Will the recent positive trend continue leading up to its next earnings release, or is Capital One due for a pullback? Before we dive into how investors and analysts have reacted as of late, let's take a quick look at its most recent earnings report in order to get a better handle on the important drivers.

Capital One Q3 Earnings and Revenues Beat, Costs Decline Y/Y

Capital One’s third-quarter 2020 adjusted earnings of $5.05 per share easily outpaced the Zacks Consensus Estimate of $1.99. Also, the figure was 52% above the year-ago quarter level.

The results reflect an improvement in non-interest income and lower expenses. Further, credit costs declined mainly due to reserve releases during the quarter. However, decline in loan balance and lower interest rates were headwinds.

After taking into consideration non-recurring items, net income available to common shareholders was $2.32 billion or $5.06 per share, up from $1.27 billion or $2.69 per share in the prior-year quarter.

Revenues Improve, Expenses Down

Total adjusted net revenues were $7.35 billion, up 3% from the prior-year quarter. The figure also beat the Zacks Consensus Estimate of $6.71 billion.

NII fell 3% from the prior-year quarter to $5.56 billion.
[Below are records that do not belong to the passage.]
(* Let $\{a_n\}_{n\ge1}$, $\{b_n\}_{n\ge1}$ and $\{\tilde a_n\}_{n\ge1}$ be three non-negative real sequences such that $\sum_{n=1}^\infty a_n=\infty$, $\sum_{n=1}^\infty a_n b_n^p<\infty$, $\lim_{n\to\infty} a_n/\tilde a_n=1$, and $|b_{n+1}-b_n|\le C\,\tilde a_n\, b_n^{p-\epsilon}$ for all $n$, for some positive constants $C$, $p$ and some $\epsilon\in[0,p]$. Then $\lim_{n\to\infty} b_n=0$.
   Context: Here $b_n^{0}$ is interpreted as $1$ (relevant when $\epsilon=p$). *)

From HB Require Import structures.
From mathcomp Require Import all_boot all_order all_algebra.
From mathcomp Require Import all_classical all_reals all_analysis.
Set Implicit Arguments.
Unset Strict Implicit.
Unset Printing Implicit Defensive.

From mathcomp Require Import ring lra.
From HB Require Import structures.
From mathcomp Require Import all_boot all_order all_algebra.
From mathcomp Require Import all_classical all_reals all_analysis.
Set Implicit Arguments.
Unset Strict Implicit.
Unset Printing Implicit Defensive.
Import Order.TTheory GRing.Theory Num.Theory.
Import numFieldNormedType.Exports.
Local Open Scope ring_scope.
Local Open Scope classical_set_scope.

(* Write u_n := a_n b_n^p, a summable series.  If b_n <= d for only finitely
   many n, then eventually u_n >= d^p a_n, contradicting sum a_n = oo; so b
   keeps coming back below every level d > 0.  While b stays above d, the step
   hypothesis, at_n <= 2 a_n (eventually) and b^(p-eps) d^eps <= b^p give
   |b_{n+1} - b_n| <= (2C / d^eps) u_n, so the total climb of b on an excursion
   above d is at most 2C / d^eps times a tail of sum u_n.  Since these tails
   vanish, b eventually cannot exceed 2d. *)

Lemma ratio_cvg1_near_le2 (R : realFieldType) (a at_ : R ^nat) :
  (forall n, 0 <= at_ n) -> (fun n => a n / at_ n) @ \oo --> (1 : R) ->
  \forall n \near \oo, at_ n <= 2 * a n.
Proof.
move=> at_ge0 /cvgrPdist_lt ratio_near.
have half_gt0 : 0 < 2^-1 :> R by rewrite invr_gt0.
apply: filterS (ratio_near _ half_gt0) => n; rewrite ltr_distl => /andP[lo hi].
have [at0|at_neq0] := eqVneq (at_ n) 0.
  by move: hi; rewrite at0 invr0 mulr0; lra.
have at_gt0 : 0 < at_ n by rewrite lt_def at_neq0 at_ge0.
rewrite -(divfK at_neq0 (a n)); move: lo hi; set r := a n / at_ n; nra.
Qed.

Lemma powR_sub_mul_le (R : realType) (d x p eps : R) :
  0 <= eps -> 0 < d -> d <= x -> x `^ (p - eps) * d `^ eps <= x `^ p.
Proof.
move=> eps_ge0 d_gt0 dx; have x_gt0 := lt_le_trans d_gt0 dx.
have -> : x `^ p = x `^ (p - eps) * x `^ eps.
  by rewrite -powRD ?subrK // (gt_eqF x_gt0) implybT.
apply: ler_wpM2l; first exact: powR_ge0.
by apply: ge0_ler_powR => //; rewrite nnegrE; apply: ltW.
Qed.

Lemma telescope_ler_sum (R : numDomainType) (b w : R ^nat) (n k : nat) :
  (n <= k)%N -> (forall j, (n <= j < k)%N -> b j - b j.+1 <= w j) ->
  b n - b k <= \sum_(n <= j < k) w j.
Proof.
move=> nk step; rewrite -opprB -telescope_sumr // -sumrN big_nat_cond.
by rewrite [leRHS]big_nat_cond; apply: ler_sum => j /andP[/step]; rewrite opprB.
Qed.

Lemma series_le_lim (R : realType) (u : R ^nat) :
  (forall n, 0 <= u n) -> cvgn (series u) -> forall n, series u n <= limn (series u).
Proof.
move=> u_ge0; apply: nondecreasing_cvgn_le => m n mn.
by rewrite -subr_ge0 sub_series_geq // sumr_ge0.
Qed.

Lemma series_tail_near_le (R : realType) (u : R ^nat) :
  (forall n, 0 <= u n) -> cvgn (series u) ->
  forall eta, 0 < eta -> \forall n \near \oo, forall k, series u k - series u n <= eta.
Proof.
move=> u_ge0 u_cvg eta eta_gt0; have le_lim := series_le_lim u_ge0 u_cvg.
move/cvgrPdist_lt : u_cvg => /(_ eta eta_gt0); apply: filterS => n.
by rewrite ltr_distl => /andP[_ hi] k; have := le_lim k; lra.
Qed.

Section excursions.
Variables (R : realType) (a b at_ : R ^nat) (C p eps : R).
Hypotheses (a_ge0 : forall n, 0 <= a n) (b_ge0 : forall n, 0 <= b n).
Hypotheses (at_ge0 : forall n, 0 <= at_ n) (C_gt0 : 0 < C) (p_gt0 : 0 < p).
Hypothesis eps_ge0 : 0 <= eps.
Hypothesis a_div : series a @ \oo --> +oo.
Hypothesis u_cvg : cvgn (series (fun n => a n * b n `^ p)).
Hypothesis ratio_a : (fun n => a n / at_ n) @ \oo --> (1 : R).
Hypothesis step_b : forall n, `|b n.+1 - b n| <= C * at_ n * b n `^ (p - eps).

Let u n := a n * b n `^ p.

Let u_ge0 n : 0 <= u n. Proof. by rewrite mulr_ge0 ?powR_ge0. Qed.

Lemma b_frequently_le d : 0 < d -> forall n, exists2 k, (n <= k)%N & b k <= d.
Proof.
move=> d_gt0 n; apply/not_exists2P => b_gt /=.
have {}b_gt k : (n <= k)%N -> d < b k.
  by move=> nk; case: (b_gt k) => // /negP; rewrite -ltNge.
have dp_gt0 : 0 < d `^ p by rewrite powR_gt0.
pose c := series a n + (limn (series u) - series u n) / d `^ p.
have sa_le m : (n <= m)%N -> series a m <= c.
  move=> nm; rewrite -lerBlDl ler_pdivlMr // sub_series_geq // mulr_suml.
  apply: le_trans (lerB (series_le_lim u_ge0 u_cvg m) (lexx _)).
  rewrite sub_series_geq // big_nat_cond [leRHS]big_nat_cond.
  apply: ler_sum => j /andP[/andP[nj _] _]; apply: ler_wpM2l => //.
  by apply: ge0_ler_powR; rewrite ?nnegrE ?b_ge0 ?ltW ?b_gt.
have /cvgryPge/(_ (c + 1))[M _ HM] := a_div.
have := sa_le (n + M)%N (leq_addr _ _); have := HM (n + M)%N (leq_addl _ _); lra.
Qed.

Lemma b_first_le d : 0 < d -> forall n,
  exists k, [/\ (n <= k)%N, b k <= d & forall j, (n <= j < k)%N -> d < b j].
Proof.
move=> d_gt0 n; have [k0 nk0 bk0] := b_frequently_le d_gt0 n.
have : exists k, (n <= k)%N && (b k <= d) by exists k0; rewrite nk0 bk0.
case/ex_minnP => k /andP[nk bk] k_min; exists k; split => // j /andP[nj jk].
by rewrite ltNge; apply/negP => bj; have := k_min j; rewrite nj bj leqNgt jk => /(_ isT).
Qed.

Lemma b_excursion_le : \forall n \near \oo, forall d k, 0 < d -> (n <= k)%N ->
  (forall j, (n <= j < k)%N -> d < b j) ->
  b n - b k <= 2 * C / d `^ eps * (series u k - series u n).
Proof.
have [N _ at_le] := ratio_cvg1_near_le2 at_ge0 ratio_a.
exists N => // n Nn d k d_gt0 nk b_gt; rewrite sub_series_geq // mulr_sumr.
apply: telescope_ler_sum => // j /[dup] /andP[nj _] /b_gt/ltW dj.
have de_gt0 : 0 < d `^ eps by rewrite powR_gt0.
apply: le_trans (ler_norm _) _; rewrite distrC; apply: le_trans (step_b j) _.
have := powR_sub_mul_le p eps_ge0 d_gt0 dj; rewrite -ler_pdivlMr // => bpe.
have := at_le j (leq_trans Nn nj) => /= at_j.
have -> : 2 * C / d `^ eps * u j = C * (2 * a j) * (b j `^ p / d `^ eps).
  by rewrite /u; field; rewrite gt_eqF.
apply: ler_pM => //; first by rewrite mulr_ge0 // ltW.
  exact: powR_ge0.
by rewrite ler_pM2l.
Qed.

End excursions.

Theorem lemma3p1 (R : realType) (a b at_ : R ^nat) (C p eps : R)
  (ha : forall n, 0 <= a n) (hb : forall n, 0 <= b n) (hat : forall n, 0 <= at_ n)
  (hC : 0 < C) (hp : 0 < p) (heps0 : 0 <= eps) (hepsp : eps <= p)
  (hdiv : series a @ \oo --> +oo)
  (hconv : cvg (series (fun n => a n * b n `^ p) @ \oo))
  (hratio : (fun n => a n / at_ n) @ \oo --> (1 : R))
  (hstep : forall n, `|b n.+1 - b n| <= C * at_ n * b n `^ (p - eps)) :
  b @ \oo --> (0 : R).
Proof.
set u := fun n => a n * b n `^ p.
have u_ge0 n : 0 <= u n by rewrite mulr_ge0 ?powR_ge0.
apply/cvgrPdist_le => e e_gt0; set d := e / 2.
have d_gt0 : 0 < d by rewrite divr_gt0.
set K := 2 * C / d `^ eps.
have K_gt0 : 0 < K by rewrite divr_gt0 ?mulr_gt0 ?powR_gt0.
have [N1 _ excursion] := b_excursion_le hat hC heps0 hratio hstep.
have [N2 _ tail] := series_tail_near_le u_ge0 hconv (divr_gt0 d_gt0 K_gt0).
exists (maxn N1 N2) => // n /= /[!geq_max] /andP[N1n N2n].
rewrite sub0r normrN ger0_norm // leNgt; apply/negP => bn_gt.
have [k [nk bk b_gt]] := b_first_le ha hb hp hdiv hconv d_gt0 n.
have := excursion n N1n d k d_gt0 nk b_gt; rewrite -/K.
have := tail n N2n k; rewrite ler_pdivlMr // mulrC.
have : e = 2 * d by rewrite /d; field.
lra.
Qed.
NIM also declined 105 basis points (bps) to 5.68% due to lower yields on interest-earning assets.

Non-interest income of $1.83 billion jumped 49% from the prior-year quarter.

Non-interest expenses were $3.55 billion, down 8% from the year-ago number. Rise in other costs, and salaries and associate benefit expenses were more than offset by fall in marketing costs and amortization of intangibles.

Efficiency ratio was 48.07%, down from 55.64% in the year-ago quarter. A fall in efficiency ratio indicates improvement in profitability.

As of Sep 30, 2020, loans held for investment were $248.2 billion, down 1% from the prior quarter. Total deposits, as of the same date, were on par sequentially at $305.7 billion.

Credit Quality: Mixed Bag

Provision for credit losses plunged 76% on a year-over-year basis to $331 million. The fall was largely due to $742 million reserve release. Further, the 30-plus day performing delinquency rate declined 131 bps to 1.97%.

However, allowance, as a percentage of reported loans held for investment was 6.50%, up 368 bps. Also, net charge-off rate decreased 10 bps year over year to 2.38%.

Capital Ratios Improve

As of Sep 30, 2020, Tier 1 risk-based capital ratio was 14.8%, up from 14.4% a year ago. Further, common equity Tier 1 capital ratio was 13% as of Sep 30, 2020, up from 12.5% as of Sep 30, 2019.

Outlook

The company expects to redeem its outstanding preferred stock Series F in the fourth quarter of 2020. This will result in a one-time charge, which will likely reduce net income available to common shareholders by $17 million in the quarter.

How Have Estimates Been Moving Since Then?

In the past month, investors have witnessed an upward trend in estimates review. The consensus estimate has shifted 47.51% due to these changes.

VGM Scores

Currently, Capital One has a nice Growth Score of B, however its Momentum Score is doing a bit better with an A. Following the exact same course, the stock was allocated a grade of A on the value side, putting it in the top quintile for this investment strategy.

Overall, the stock has an aggregate VGM Score of A. If you aren't focused on one strategy, this score is the one you should be interested in.

Outlook

Estimates have been trending upward for the stock, and the magnitude of these revisions looks promising. Notably, Capital One has a Zacks Rank #3 (Hold). We expect an in-line return from the stock in the next few months.